Ferrucyon Temporal range: Pliocene (Blancan) ~4.9–2.6 Ma PreꞒ Ꞓ O S D C P T J K Pg N

Scientific classification
- Kingdom: Animalia
- Phylum: Chordata
- Class: Mammalia
- Order: Carnivora
- Family: Canidae
- Genus: †Ferrucyon Ruiz-Ramoni et al., 2020
- Species: †F. avius
- Binomial name: †Ferrucyon avius (Tedford et al. 2009)

= Ferrucyon =

- Genus: Ferrucyon
- Species: avius
- Authority: (Tedford et al. 2009)
- Parent authority: Ruiz-Ramoni et al., 2020

Extinct species of carnivore

Ferrucyon is an extinct genus of omnivorous mammal of the family Canidae, which inhabited North America during the Pliocene, Blancan in the NALMA classification, from about 4.9 to approximately 2.6 Ma.
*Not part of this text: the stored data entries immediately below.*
(* Let $I\ge 2$, let $\mathcal F_I$ be a saturated fraction of the $I\times I$ design $[I]\times[I]$, and let $E_{I+1}\subseteq[I+1]\times[I+1]$ with $\mathcal F_I\cap E_{I+1}=\emptyset$. Set $\mathcal F_{I+1}=\mathcal F_I\cup E_{I+1}$, viewed as a fraction of $[I+1]\times[I+1]$. Then $\mathcal F_{I+1}$ is saturated if and only if $E_{I+1}$ consists of exactly two points, both lying in $\{(i,j)\in[I+1]\times[I+1]: i=I+1 \text{ or } j=I+1\}$, and the margins of $\mathcal F_{I+1}$ satisfy $m_{A,I+1}\ge 1$ and $m_{B,I+1}\ge 1$.
   Context: For a fraction $\mathcal F\subseteq[I]\times[J]$, its margins are $m_{A,i}=\#\{(d_1,d_2)\in\mathcal F: d_1=i\}$ and $m_{B,j}=\#\{(d_1,d_2)\in\mathcal F: d_2=j\}$. For $(i,j)\in[I]\times[J]$ let $r_{(i,j)}\in\mathbb R^{I+J-1}$ be the row vector $(1,a_1,\dots,a_{I-1},b_1,\dots,b_{J-1})$ with $a_s=1$ iff $s=i$ and $b_t=1$ iff $t=j$ (all other entries $0$); $X_{\mathcal F}$ is the matrix with rows $r_{(i,j)}$, $(i,j)\in\mathcal F$. $\mathcal F$ is saturated if $\#\mathcal F=I+J-1$ and $X_{\mathcal F}$ is non-singular. *)

From HB Require Import structures.
From mathcomp Require Import all_boot all_order all_algebra.
Set Implicit Arguments. Unset Strict Implicit. Unset Printing Implicit Defensive.
Import GRing.Theory Num.Theory.

(* Levels of the factors are 0-based: level k : 'I_I stands for level k+1 of [I].
   So the last level I of [I] is ord_max. *)

Local Open Scope ring_scope.

(* The row vector r_(i,j) in Q^(I+J-1), columns indexed 0..I+J-2:
   column 0          : the constant 1
   column s, 1<=s<=I-1: a_s = 1 iff s = i (1-based), i.e. s = i0.+1
   column I-1+t, 1<=t<=J-1: b_t = 1 iff t = j (1-based), i.e. column = I + j0 *)
Definition rowvec (I J : nat) (p : 'I_I * 'I_J) : 'rV[rat]_(I + J - 1) :=
  \row_(c < I + J - 1)
    (if (c == 0%N :> nat) then 1
     else if (c < I)%N then ((c == (p.1).+1 :> nat)%:R)
     else ((c == (I + p.2)%N :> nat)%:R)).

Definition XF (I J : nat) (F : {set 'I_I * 'I_J}) : 'M[rat]_(#|F|, I + J - 1) :=
  \matrix_(k < #|F|) rowvec (enum_val k).

Definition saturated (I J : nat) (F : {set 'I_I * 'I_J}) : Prop :=
  exists e : #|F| = (I + J - 1)%N, castmx (e, erefl) (XF F) \in unitmx.

Definition marginA (I J : nat) (F : {set 'I_I * 'I_J}) (i : 'I_I) : nat :=
  #|[set p in F | p.1 == i]|.
Definition marginB (I J : nat) (F : {set 'I_I * 'I_J}) (j : 'I_J) : nat :=
  #|[set p in F | p.2 == j]|.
The type species, F. avius, was originally interpreted as a relative of the modern crab-eating fox, and described as a species belonging to the genus Cerdocyon. Ruiz-Ramoni et al. (2020) reinterpreted it as a vulpine canid related to North American species Metalopex macconnelli, and to the Eurasian genus Nyctereutes. This reinterpretation necessitated removal of "Cerdocyon" avius from the genus Cerdocyon, and Ruiz-Ramoni et al. (2020) transferred it to the separate genus Ferrucyon.

== Taxonomy ==
Cerdocyon was named by Hamilton-Smith (1839). It was assigned to Canidae by Hamilton-Smith (1839) and Carroll (1988).

F. avius was about 80 cm long. Fossils of the species have been found in Baja California (Refugio Formation).